Principal's Page

Inspiration and motivation
It was my total pleasure to be invited to hear visiting author Phil Cummings speak on Monday. He was presenting to our Primary students across the morning and he certainly had them engaged.
I found his enthusiasm for writing inspiring. I wanted to walk out of the Auditorium and begin my book immediately. The way he brought life to the idea that writing can be an achievable and natural activity was motivating.
This led me to think how inspiration and motivation work in tandem. We know they are so important for learning. Yet, we realise you cannot give them to someone, try as much as we might with our own children and students. Sure, you can apply external pressure or incentives, which teachers routinely do. In doing so, we always intend for the student to find that internal spark themselves.
If a student is left alone to find this motivation, it can be a real chore or even feel like an impossible task. It takes a rare student who can find it in isolation, whereas most of us need as many people and opportunities involved as possible. Otherwise, like Phil said, it is like “staring at the ceiling, which is no help at all!”
It is when we have a parent, a sibling, a relative, teachers, coaches, friends, peers, neighbours, trusted advisers and anyone else in our children’s lives that can work alongside and with them that our students benefit the most.

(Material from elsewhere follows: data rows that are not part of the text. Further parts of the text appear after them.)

(* An isotropic [u] orthogonal to [w] is paired nontrivially with some [y] orthogonal to
   [w] (nondegeneracy); then [u + t y] is positive for small [t] of the right sign. *)
Lemma lorentz_orth_pos_neg w u : M w -> B w w > 0 -> M u -> B u w = 0 -> nonzero u ->
  B u u < 0.
Proof.
  intros Mw Hw Mu Huw Hnz.
  destruct (Rlt_le_dec (B u u) 0) as [|[Hgt|Heq]]; auto;
    exfalso; [now apply (lorentz_orth_pos_not_pos w u)|].
  assert (Hy : exists y, M y /\ B u y <> 0).
  { apply NNPP; intro Hn. destruct Hnz as [i Hi]. apply Hi. clear Hi. revert i. apply HND; auto.
    intros y My. apply NNPP; intro; apply Hn; exists y; auto. }
  destruct Hy as [y [My Hy]].
  set (y' := fun i => 1 * y i + (- (B y w / B w w)) * w i).
  assert (My' : M y') by (unfold y'; apply (subspace_comb n); auto).
  assert (Huy' : B u y' = B u y) by (unfold y'; rewrite bform_addr, !bform_scalr, Huw; ring).
  assert (Hy'w : B y' w = 0) by (unfold y'; rewrite bform_addl, !bform_scall; field; lra).
  set (a := B u y') in *. set (c := B y' y').
  set (t := a / (Rabs c + 1)).
  assert (Hc : 0 < Rabs c + 1) by (pose proof (Rabs_pos c); lra).
  assert (Ht : t * (Rabs c + 1) = a) by (unfold t; field; lra).
  assert (Ht0 : 0 < t * t) by (assert (t <> 0) by (intro E; rewrite E in Ht; lra);
    pose proof (Rsqr_pos_lt t H); unfold Rsqr in *; lra).
  apply (lorentz_orth_pos_not_pos w (fun i => 1 * u i + t * y' i)).
  - auto.
  - auto.
  - apply (subspace_comb n); auto.
  - rewrite bform_addl, !bform_scall, Huw, Hy'w. ring.
  - rewrite bform_addl, !bform_addr, !bform_scall, !bform_scalr, (bform_sym n G y' u) by auto.
    fold a c. rewrite <- Heq, <- Ht.
    pose proof (Rle_abs (- c)). rewrite Rabs_Ropp in *.
    assert (0 < t * t * (2 * (Rabs c + 1) + c)) by (apply Rmult_lt_0_compat; lra).
    nra.
Qed.

Lemma lorentz_causal_not_orth w x : M w -> B w w > 0 -> causal_cone n G M x -> B w x <> 0.
Proof.
  intros Mw Hw [Mx [Hxx Hnx]] E.
  pose proof (lorentz_orth_pos_neg w x Mw Hw Mx ltac:(rewrite bform_sym; auto) Hnx). lra.
Qed.

(* The half cone is star-shaped around [e]. *)
Lemma lorentz_half_cone_connected e : M e -> B e e > 0 ->
  connected n (fun x => causal_cone n G M x /\ B e x > 0).
Proof.
  intros Me He. apply (star_shaped_connected n _ e).
  - intros x [[Mx _] _]. now apply (proj1 HM).
  - split; [split; [auto|split]|]; [lra|apply (nonzero_of_bform_neq0 n G); lra|lra].
  - intros x t [[Mx [Hxx Hnx]] Hex] Ht.
    assert (Exy : B (segment e x t) (segment e x t) =
                  t * t * B e e + 2 * t * (1 - t) * B e x + (1 - t) * (1 - t) * B x x).
    { unfold segment. rewrite bform_addl, !bform_addr, !bform_scall, !bform_scalr.
      rewrite (bform_sym n G x e) by auto. ring. }
    assert (Hey : B e (segment e x t) = t * B e e + (1 - t) * B e x)
      by (unfold segment; rewrite bform_addr, !bform_scalr; ring).
    assert (0 <= t * (1 - t)) by nra.
    assert (0 <= (1 - t) * (1 - t)) by nra.
    split; [split; [unfold segment; apply (subspace_comb n); auto|split]|].
    + rewrite Exy. nra.
    + destruct (Req_dec t 0) as [->|Ht0].
      * replace (segment e x 0) with x; auto.
        apply functional_extensionality; intros; unfold segment; ring.
      * apply (nonzero_of_bform_neq0 n G). rewrite Exy. pose proof (Rsqr_pos_lt t Ht0). unfold Rsqr in *. nra.
    + rewrite Hey. destruct (Req_dec t 0) as [->|Ht0]; nra.
Qed.

Lemma lorentz_component_sign C w : connected n C -> (forall u, C u -> causal_cone n G M u) ->
  M w -> B w w > 0 -> (forall u, C u -> B w u > 0) \/ (forall u, C u -> B w u < 0).
Proof.
  intros Hc HC Mw Hw.
  assert (Hnz : forall u, C u -> B w u <> 0)
    by (intros u Cu; apply lorentz_causal_not_orth; auto).
  destruct (classic (exists u, C u /\ B w u < 0)) as [[u2 [Cu2 H2]]|Hno2].
  - right. intros u Cu. destruct (Rtotal_order (B w u) 0) as [|[|Hpos]];
      [auto|exfalso; apply (Hnz u); auto|exfalso].
    apply Hc. exists (fun x => B w x > 0), (fun x => B (fun i => -1 * w i) x > 0).
    split; [apply open_bform_pos|]. split; [apply open_bform_pos|].
    repeat split; [| |exists u2; rewrite bform_scall; split; [auto|lra]|]; [|now exists u|].
    + intros x Cx. rewrite bform_scall. pose proof (Hnz x Cx).
      destruct (Rtotal_order (B w x) 0) as [|[|]]; [right; lra|contradiction|left; lra].
    + intros x Cx H1 H2'. rewrite bform_scall in H2'. lra.
  - left. intros u Cu. destruct (Rtotal_order (B w u) 0) as [|[|]];
      [exfalso; apply Hno2; eauto|exfalso; apply (Hnz u); auto|lra].
Qed.

Lemma lorentz_component_contains_half C : connected_component n C (causal_cone n G M) ->
  exists e, M e /\ B e e > 0 /\ forall x, causal_cone n G M x -> B e x > 0 -> C x.
Proof.
  intros [HCA [[x0 Cx0] [Hconn Hmax]]].
  destruct lorentz_pos_exists as [e1 [Me1 He1]].
  assert (Hor : exists e, M e /\ B e e > 0 /\ B e x0 > 0).
  { destruct (Rtotal_order (B e1 x0) 0) as [Hl|[Hq|Hg]]; [|exfalso|eauto].
    - exists (fun i => -1 * e1 i). rewrite !bform_scall, bform_scalr.
      split; [apply (proj2 (proj2 (proj2 HM))); auto|lra].
    - apply (lorentz_causal_not_orth e1 x0); auto. }
  destruct Hor as [e [Me [He Hx0]]]. exists e. split; [auto|split; [auto|]].
  intros x Cx Hx. apply (Hmax (fun x => causal_cone n G M x /\ B e x > 0)); auto.
  - intros y [Hy _]; auto.
  - apply lorentz_half_cone_connected; auto.
  - exists x0. repeat split; auto; apply HCA; auto.
Qed.

(* If [W] has no positive vector, either [W] contains an isotropic vector (then orthogonal
   to all of [W]) or [W] is negative definite and the projection of a positive [e] onto
   the orthogonal of [W] is positive. *)
Lemma lorentz_causal_orth W : subspace n W -> (forall x, W x -> M x) ->
  ~ has_pos_vector n G W -> exists u, causal_cone n G M u /\ forall x, W x -> B u x = 0.
Proof.
  intros HW WM HnP. destruct lorentz_pos_exists as [e [Me He]].
  destruct (obasis_exists n G HS W HW) as [s [w [Hw Hwo]]].
  assert (Ww : forall i, (i < s)%nat -> W (w i)) by apply (proj1 Hw).
  destruct (classic (exists i, (i < s)%nat /\ B (w i) (w i) = 0)) as [[i [Hi Hi0]]|Hno].
  { exists (w i). split; [split; [apply WM, Ww; auto|split; [lra|]]|].
    - apply (lin_indep_nonzero s); auto. apply (basis_lin_indep W); auto.
    - intros x Wx. destruct (basis_span W s w x Hw Wx) as [y ->].
      rewrite bform_lincomb_orth_r, Hi0 by auto. ring. }
  assert (Hneg : forall i, (i < s)%nat -> B (w i) (w i) < 0).
  { intros i Hi. destruct (Rtotal_order (B (w i) (w i)) 0) as [|[|]]; auto; exfalso.
    - apply Hno; eauto.
    - apply HnP. exists (w i); auto. }
  set (al := fun i => B e (w i) / B (w i) (w i)).
  assert (Wp : W (lincomb s al w)) by (apply (subspace_lincomb n); auto).
  set (v := fun t => 1 * e t + (-1) * lincomb s al w t).
  assert (Hperp : forall x, W x -> B v x = 0).
  { intros x Wx. destruct (basis_span W s w x Hw Wx) as [y ->]. rewrite bform_lincomb_r.
    apply fsum_zero. intros i Hi. unfold v.
    rewrite bform_addl, !bform_scall, (bform_lincomb_orth_l n G s al w i Hwo Hi).
    unfold al. field_simplify; [ring|]. pose proof (Hneg i Hi). lra. }
  assert (Hvv : B v v >= B e e).
  { assert (E1 : B v v = B e v).
    { change (B (fun t => 1 * e t + (-1) * lincomb s al w t) v = B e v).
      rewrite bform_addl, !bform_scall, (bform_sym n G (lincomb s al w) v), Hperp by auto. ring. }
    rewrite E1. unfold v. rewrite bform_addr, !bform_scalr, bform_lincomb_r.
    enough (fsum s (fun j => al j * B e (w j)) <= 0) by lra.
    apply fsum_nonpos. intros i Hi. unfold al. pose proof (Hneg i Hi).
    replace (B e (w i) / B (w i) (w i) * B e (w i))
      with (- (B e (w i) * B e (w i)) * / (- B (w i) (w i))) by (field; lra).
    assert (0 < / (- B (w i) (w i))) by (apply Rinv_0_lt_compat; lra). nra. }
  exists v. split; [split; [apply (subspace_comb n); auto|split; [lra|]]|auto].
  apply (nonzero_of_bform_neq0 n G). lra.
Qed.

End Lorentzian.

(** * The orthogonal complement of a positive plane *)

Lemma pos_plane_obasis n G H r : symmetric n G -> pos_plane n G H r ->
  exists h, obasis n G H r h /\ forall j, (j < r)%nat -> 0 < bform n G (h j) (h j).
Proof.
  intros HS [HH [[hb Hhb] Hpd]]. destruct (obasis_exists n G HS H HH) as [dh [h [Hh Hoh]]].
  assert (Hp : forall j, (j < dh)%nat -> 0 < bform n G (h j) (h j)).
  { intros j Hj. apply Hpd; [apply (proj1 Hh); auto|].
    apply (lin_indep_nonzero dh); auto. apply (basis_lin_indep H); auto. }
  assert (E : dh = r).
  { apply Nat.le_antisymm; [apply (lin_indep_le dh r h hb)|apply (lin_indep_le r dh hb h)].
    - intros j Hj. apply (basis_span H); auto. apply (proj1 Hh); auto.
    - apply (basis_lin_indep H); auto.
    - intros j Hj. apply (basis_span H); auto. apply (proj1 Hhb); auto.
    - apply (basis_lin_indep H); auto. }
  subst. exists h. split; [split|]; auto.
Qed.

Section PositivePlane.
Variables (n : nat) (G : nat -> nat -> R) (H : Vec -> Prop) (r : nat) (h : nat -> Vec).
Notation B := (bform n G).
Notation M := (orth n G H).
Hypothesis HS : symmetric n G.
Hypothesis HH : subspace n H.
Hypothesis Hh : obasis n G H r h.
Hypothesis Hhp : forall j, (j < r)%nat -> 0 < B (h j) (h j).

Definition proj_plane (v : Vec) : Vec := lincomb r (fun i => B v (h i) / B (h i) (h i)) h.

Lemma proj_plane_in v : H (proj_plane v).
Proof. unfold proj_plane. apply (subspace_lincomb n); auto. apply (proj1 (proj1 Hh)). Qed.

Lemma orth_plane_bform a u : H a -> M u -> B a u = 0 /\ B u a = 0.
Proof. intros Ha [Hu Hu']. rewrite (bform_sym n G a u HS). auto. Qed.

Lemma orth_plane_of_basis v : vec n v -> (forall i, (i < r)%nat -> B v (h i) = 0) -> M v.
Proof.
  intros Hv Ho. split; auto. intros x Hx. destruct (basis_span H r h x (proj1 Hh) Hx) as [y ->].
  rewrite bform_lincomb_r. apply fsum_zero. intros i Hi. rewrite Ho by auto. ring.
Qed.

Lemma sub_proj_plane_orth v : vec n v -> M (fun i => v i - proj_plane v i).
Proof.
  intros Hv. apply orth_plane_of_basis.
  - intros i Hi. rewrite Hv, (proj1 HH _ (proj_plane_in v)) by auto. ring.
  - intros i Hi. rewrite bform_subl. unfold proj_plane.
    rewrite (bform_lincomb_orth_l n G r _ h i (proj2 Hh) Hi).
    field. pose proof (Hhp i Hi). lra.
Qed.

For each person brings a perspective and helps create a different set of circumstances that might just help transfer the spark of interest from them to us.

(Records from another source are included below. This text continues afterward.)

Definition F_point_transitive {X : Type} (d : X -> X -> R) (f : X -> X)
  (Fam : (nat -> Prop) -> Prop) : Prop :=
  exists x, F_transitive_point d f Fam x.

(* (=>) Fam-transitivity makes every N(U,V) nonempty, i.e. f is topologically
   transitive.  On a compact metric space this yields a transitive point x: we
   build a nested sequence of closed balls, the (j+1)-st of which is sent into
   the j-th ball of a countable ball base at some positive time, and take a
   point of their intersection.  For such an x, every k ∈ N(U,U) is a
   difference of two visit times of x to U (x visits U ∩ f^-k U), so
   N(U,U) ⊆ N(x,U) - N(x,U), and upward closure gives the claim.
   (<=) Given U, V pick visit times a < a' of x to U and V and set k = a' - a;
   then W = U ∩ f^-k V is a nonempty open set and
   (N(x,W) - N(x,W)) + k ⊆ N(U,V), so translation invariance and upward
   closure give N(U,V) ∈ Fam. *)

From Stdlib Require Import Reals List Arith Lra Lia Classical ClassicalEpsilon Cantor.

Definition ball {X : Type} (d : X -> X -> R) (c : X) (r : R) : X -> Prop :=
  fun y => (d c y < r)%R.

Definition closed_ball {X : Type} (d : X -> X -> R) (c : X) (r : R) : X -> Prop :=
  fun y => (d c y <= r)%R.

Definition topologically_transitive {X : Type} (d : X -> X -> R) (f : X -> X) : Prop :=
  forall U V, open_set d U -> open_set d V -> nonempty U -> nonempty V ->
    exists n, hit_UV f U V n.

Definition transitive_point {X : Type} (d : X -> X -> R) (f : X -> X) (x : X) : Prop :=
  forall U, open_set d U -> nonempty U -> exists n, hit_xU f x U n.

Lemma dependent_choice_seq {A : Type} (P : A -> Prop) (Step : nat -> A -> A -> Prop)
  (a0 : A) :
  P a0 -> (forall j a, P a -> exists b, P b /\ Step j a b) ->
  exists s : nat -> A, forall j, P (s j) /\ Step j (s j) (s (S j)).
Proof.
  intros H0 Hstep.
  assert (Htot : forall ja : nat * A, exists b,
            P (snd ja) -> P b /\ Step (fst ja) (snd ja) b).
  { intros [j a]. destruct (classic (P a)) as [Ha|Ha].
    - destruct (Hstep j a Ha) as [b Hb]. exists b. auto.
    - exists a. simpl. tauto. }
  destruct (choice _ Htot) as [g Hg].
  pose (s := fix s (j : nat) : A := match j with O => a0 | S j => g (j, s j) end).
  assert (HP : forall j, P (s j)).
  { induction j as [|j IH]; [exact H0|]. apply (Hg (j, s j) IH). }
  exists s. intro j. split; [apply HP|]. apply (Hg (j, s j) (HP j)).
Qed.

Lemma inter_open {X : Type} (d : X -> X -> R) (U V : X -> Prop) :
  open_set d U -> open_set d V -> open_set d (fun y => U y /\ V y).
Proof.
  intros HU HV x [HxU HxV].
  destruct (HU x HxU) as [e1 [He1 HB1]]. destruct (HV x HxV) as [e2 [He2 HB2]].
  exists (Rmin e1 e2). split; [apply Rmin_glb_lt; assumption|].
  intros y Hy. pose proof (Rmin_l e1 e2). pose proof (Rmin_r e1 e2).
  split; [apply HB1|apply HB2]; lra.
Qed.

Lemma preimage_open {X : Type} (d : X -> X -> R) (g : X -> X) (U : X -> Prop) :
  continuous_map d g -> open_set d U -> open_set d (fun y => U (g y)).
Proof.
  intros Hg HU x Hx. destruct (HU _ Hx) as [e [He HB]].
  destruct (Hg x e He) as [delta [Hdelta Hcont]].
  exists delta. split; [exact Hdelta|]. intros y Hy. apply HB, Hcont, Hy.
Qed.

Lemma iter_continuous {X : Type} (d : X -> X -> R) (f : X -> X) (n : nat) :
  continuous_map d f -> continuous_map d (Nat.iter n f).
Proof.
  intros Hf. induction n as [|n IH]; intros x eps Heps.
  - exists eps. simpl. auto.
  - destruct (Hf (Nat.iter n f x) eps Heps) as [d1 [Hd1 Hcont1]].
    destruct (IH x d1 Hd1) as [d2 [Hd2 Hcont2]].
    exists d2. split; [exact Hd2|]. intros y Hy. simpl. apply Hcont1, Hcont2, Hy.
Qed.

Section MetricSpace.
Context {X : Type} (d : X -> X -> R).
Hypothesis metric : is_metric d.

Lemma dist_refl (x : X) : d x x = 0%R.
Proof. destruct metric as [_ [Hid _]]. apply Hid. reflexivity. Qed.

Lemma ball_open (c : X) (r : R) : open_set d (ball d c r).
Proof.
  destruct metric as [_ [_ [_ Htri]]]. intros y Hy.
  exists (r - d c y)%R. split; [unfold ball in Hy; lra|].
  intros z Hz. unfold ball. specialize (Htri c y z). lra.
Qed.

Lemma ball_center (c : X) (r : R) : (0 < r)%R -> ball d c r c.
Proof. unfold ball. rewrite dist_refl. auto. Qed.

Lemma closed_ball_compl_open (c : X) (r : R) :
  open_set d (fun y => ~ closed_ball d c r y).
Proof.
  destruct metric as [_ [_ [Hsym Htri]]]. intros y Hy.
  unfold closed_ball in Hy. apply Rnot_le_lt in Hy.
  exists (d c y - r)%R. split; [lra|]. intros z Hz Hcz.
  unfold closed_ball in Hcz. specialize (Htri c z y). rewrite (Hsym z y) in Htri. lra.
Qed.

Lemma open_contains_closed_ball (U : X -> Prop) (y : X) :
  open_set d U -> U y -> exists r, (0 < r)%R /\ forall z, closed_ball d y r z -> U z.
Proof.
  intros HU Hy. destruct (HU y Hy) as [e [He HB]].
  exists (e / 2)%R. split; [lra|]. intros z Hz. apply HB. unfold closed_ball in Hz. lra.
Qed.

Section Compact.
Hypothesis compact : compact_space d.

Lemma nested_closed_inter (K : nat -> X -> Prop) :
  (forall j, open_set d (fun y => ~ K j y)) -> (forall j, nonempty (K j)) ->
  (forall j y, K (S j) y -> K j y) -> exists x, forall j, K j x.
Proof.
  intros Hclosed Hne Hdecr.
  assert (Hmono : forall i j y, i <= j -> K j y -> K i y).
  { intros i j y Hij. induction Hij; auto. }
  apply NNPP. intro Hempty.
  destruct (compact nat (fun j y => ~ K j y) Hclosed) as [l Hl].
  { intro y. apply NNPP. intro Hy. apply Hempty. exists y. intro j.
    apply NNPP. intro Hj. apply Hy. exists j. exact Hj. }
  destruct (Hne (list_max l)) as [y Hy].
  destruct (Hl y) as [i [Hin Hi]]. apply Hi. apply (Hmono i (list_max l)); [|exact Hy].
  assert (Hall : Forall (fun k => k <= list_max l) l) by (apply list_max_le; lia).
  rewrite Forall_forall in Hall. apply Hall, Hin.
Qed.

Lemma finite_net (r : R) :
  (0 < r)%R -> exists l : list X, forall y, exists c, In c l /\ ball d c r y.
Proof.
  intro Hr. destruct (compact X (fun c => ball d c r)) as [l Hl].
  - intro c. apply ball_open.
  - intro y. exists y. apply ball_center, Hr.
  - exists l. exact Hl.
Qed.

Lemma countable_ball_base :
  inhabited X ->
  exists (cen : nat -> X) (rad : nat -> R), (forall j, (0 < rad j)%R) /\
    forall U, open_set d U -> nonempty U ->
      exists j, forall z, ball d (cen j) (rad j) z -> U z.
Proof.
  intros [x0]. destruct metric as [_ [_ [Hsym Htri]]].
  assert (Hpos : forall k, (0 < / INR (S k))%R)
    by (intro; apply Rinv_0_lt_compat, lt_0_INR; lia).
  destruct (choice _ (fun k => finite_net _ (Hpos k))) as [L HL].
  exists (fun j => nth (snd (of_nat j)) (L (fst (of_nat j))) x0),
         (fun j => / INR (S (fst (of_nat j))))%R.
  split; [intro; apply Hpos|].
  intros U HU [y Hy]. destruct (HU y Hy) as [e [He HB]].
  destruct (archimed_cor1 (e / 2) ltac:(lra)) as [N [HN HN0]].
  destruct (HL N y) as [c [Hc Hcy]]. destruct (In_nth _ _ x0 Hc) as [i [_ Hi]].
  exists (to_nat (N, i)). rewrite cancel_of_to. cbn [fst snd]. rewrite Hi.
  intros z Hz. apply HB. unfold ball in Hcy, Hz.
  assert (/ INR (S N) < / INR N)%R.
  { apply Rinv_lt_contravar.
    - apply Rmult_lt_0_compat; apply lt_0_INR; lia.
    - rewrite S_INR; lra. }
  specialize (Htri y c z). rewrite (Hsym y c) in Htri. lra.
Qed.

Section Dynamics.
Variable f : X -> X.
Hypothesis f_cont : continuous_map d f.
Hypothesis f_trans : topologically_transitive d f.

Lemma closed_ball_returning_into (W V : X -> Prop) :
  open_set d W -> open_set d V -> nonempty W -> nonempty V ->
  exists z r n, (0 < r)%R /\ 1 <= n /\
    forall y, closed_ball d z r y -> W y /\ V (Nat.iter n f y).
Proof.
  intros HW HV HWne HVne.
  destruct (f_trans W V HW HV HWne HVne) as [n [Hn [z [HzW HzV]]]].
  assert (Hopen : open_set d (fun y => W y /\ V (Nat.iter n f y))).
  { apply inter_open; [exact HW|]. apply preimage_open; [|exact HV].
    apply iter_continuous, f_cont. }
  destruct (open_contains_closed_ball _ z Hopen (conj HzW HzV)) as [r [Hr Hsub]].
  exists z, r, n. auto.
Qed.

Lemma transitive_point_exists : inhabited X -> exists x, transitive_point d f x.
Proof.
  intros [x0].
  destruct (countable_ball_base (inhabits x0)) as [cen [rad [Hrad Hbase]]].
  destruct (dependent_choice_seq (fun p : X * R => (0 < snd p)%R)
     (fun j p q => forall y, closed_ball d (fst q) (snd q) y ->
        ball d (fst p) (snd p) y /\
        exists n, 1 <= n /\ ball d (cen j) (rad j) (Nat.iter n f y))
     (x0, 1%R)) as [s Hs].
  { simpl. lra. }
  { intros j [z r] Hr. simpl in Hr.
    destruct (closed_ball_returning_into (ball d z r) (ball d (cen j) (rad j)))
      as [z' [r' [n [Hr' [Hn Hsub]]]]];
      try apply ball_open; try (eexists; apply ball_center; auto).
    exists (z', r'). simpl. split; [exact Hr'|].
    intros y Hy. destruct (Hsub y Hy). split; [assumption|]. exists n. auto. }
  destruct (nested_closed_inter (fun j => closed_ball d (fst (s j)) (snd (s j))))
    as [x Hx].
  - intro j. apply closed_ball_compl_open.
  - intro j. exists (fst (s j)). unfold closed_ball. rewrite dist_refl.
    apply Rlt_le, Hs.
  - intros j y Hy. apply Rlt_le, (proj2 (Hs j) y Hy).
  - exists x. intros U HU HUne. destruct (Hbase U HU HUne) as [j Hj].
    destruct (proj2 (proj2 (Hs j) x (Hx (S j)))) as [n [Hn Hball]].
    exists n. split; [exact Hn|]. apply Hj, Hball.
Qed.

End Dynamics.
End Compact.
End MetricSpace.

Lemma diffset_subN (A : nat -> Prop) : subN (diffset A).
Proof. intros [a [b [_ [_ [Hba H0]]]]]. lia. Qed.

Lemma hit_xU_subN {X : Type} (f : X -> X) (x : X) (U : X -> Prop) : subN (hit_xU f x U).
Proof. intros [H _]. lia. Qed.

Lemma diffset_unbounded (A : nat -> Prop) : infinite_set (diffset A) -> infinite_set A.
Proof.
  intros H m. destruct (H m) as [n [Hn [a [b [Ha [_ [_ Hab]]]]]]].
  exists a. split; [lia|exact Ha].
Qed.

Lemma shifted_diffset_sub_hit_UV {X : Type} (f : X -> X) (x : X) (U V : X -> Prop)
  (k n : nat) :
  shift (diffset (hit_xU f x (fun y => U y /\ V (Nat.iter k f y)))) k n ->
  hit_UV f U V n.
Proof.
  intros [p [[a [b [[_ [_ HaV]] [[_ [HbU _]] [Hba Hp]]]]] Hn]]. subst n p.
  split; [lia|]. exists (Nat.iter b f x). split; [exact HbU|].
  rewrite <- Nat.iter_add. replace (a - b + k + b) with (k + a) by lia.
  rewrite Nat.iter_add. exact HaV.
Qed.

Lemma hit_UU_sub_diffset {X : Type} (d : X -> X -> R) (f : X -> X) (x : X)
  (U : X -> Prop) (k : nat) :
  continuous_map d f -> transitive_point d f x -> open_set d U ->
  hit_UV f U U k -> diffset (hit_xU f x U) k.
Proof.
  intros Hf Hx HU [Hk [y [HyU HkyU]]].
  destruct (Hx (fun w => U w /\ U (Nat.iter k f w))) as [n [Hn [HnU HnkU]]].
  { apply inter_open; [exact HU|]. apply preimage_open; [|exact HU].
    apply iter_continuous, Hf. }
  { exists y. auto. }
  exists (k + n), n. split.
  - split; [lia|]. rewrite Nat.iter_add. exact HnkU.
  - repeat split; auto; lia.
Qed.

(* Sets of Fam are infinite, hence nonempty, so Fam-transitivity is transitivity. *)
Lemma F_transitive_topologically_transitive {X : Type} (d : X -> X -> R) (f : X -> X)
  (Fam : (nat -> Prop) -> Prop) :
  sub_Finf Fam -> F_transitive d f Fam -> topologically_transitive d f.
Proof.
  intros Hinf Ht U V HU HV HUne HVne.
  destruct (Hinf _ (Ht U V HU HV HUne HVne) 0) as [n [_ Hn]]. exists n. exact Hn.
Qed.

Lemma point_transitive_of_F_transitive {X : Type} (d : X -> X -> R) (f : X -> X)
  (Fam : (nat -> Prop) -> Prop) :
  inhabited X -> is_metric d -> compact_space d -> continuous_map d f ->
  furstenberg_family Fam -> sub_Finf Fam ->
  F_transitive d f Fam -> F_point_transitive d f (nabla Fam).
Proof.
  intros Hinh Hm Hc Hf [_ Hup] Hinf Ht.
  destruct (transitive_point_exists d Hm Hc f Hf
              (F_transitive_topologically_transitive d f Fam Hinf Ht) Hinh) as [x Hx].
  exists x. intros U HU HUne. split; [apply hit_xU_subN|].
  apply (Hup _ _ (Ht U U HU HU HUne HUne) (diffset_subN _)).
  intros k Hk. exact (hit_UU_sub_diffset d f x U k Hf Hx HU Hk).
Qed.

Lemma F_transitive_of_point_transitive {X : Type} (d : X -> X -> R) (f : X -> X)
  (Fam : (nat -> Prop) -> Prop) :
  continuous_map d f -> furstenberg_family Fam -> translation_invariant Fam ->
  sub_Finf Fam -> F_point_transitive d f (nabla Fam) -> F_transitive d f Fam.
Proof.
  intros Hf [_ Hup] Htr Hinf [x Hx] U V HU HV HUne HVne.
  destruct (diffset_unbounded _ (Hinf _ (proj2 (Hx U HU HUne))) 0)
    as [a [_ [_ Ha]]].
  destruct (diffset_unbounded _ (Hinf _ (proj2 (Hx V HV HVne))) (S a))
    as [a' [Haa' [_ Ha']]].
  set (k := a' - a).
  assert (HW : open_set d (fun y => U y /\ V (Nat.iter k f y))).
  { apply inter_open; [exact HU|]. apply preimage_open; [|exact HV].
    apply iter_continuous, Hf. }
  assert (HWne : nonempty (fun y => U y /\ V (Nat.iter k f y))).
  { exists (Nat.iter a f x). split; [exact Ha|].
    rewrite <- Nat.iter_add. replace (k + a) with a' by lia. exact Ha'. }
  apply (Hup _ _ (Htr _ k (proj2 (Hx _ HW HWne)))).
  - intros [H _]. lia.
  - apply shifted_diffset_sub_hit_UV.
Qed.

For me, on Monday, it was the Auditorium, with Year 4 and 5 students laughing and listening, as Phil spoke to us, eyes wide and in full flow retelling the experience of his dog fetching a ball, that had me enthralled and seeing, for the first time, how simple and elegant writing could be. Phil explained how recording into his phone the spoken description of his blonde Border Collie fetching a ball became the possibility of a paragraph for a future book he has no idea of when (or if) he will even write.
The joy he showed was infectious. Our students were the wiser for hearing it. I certainly got more from the morning than I anticipated. It was yet another reminder of why I love learning.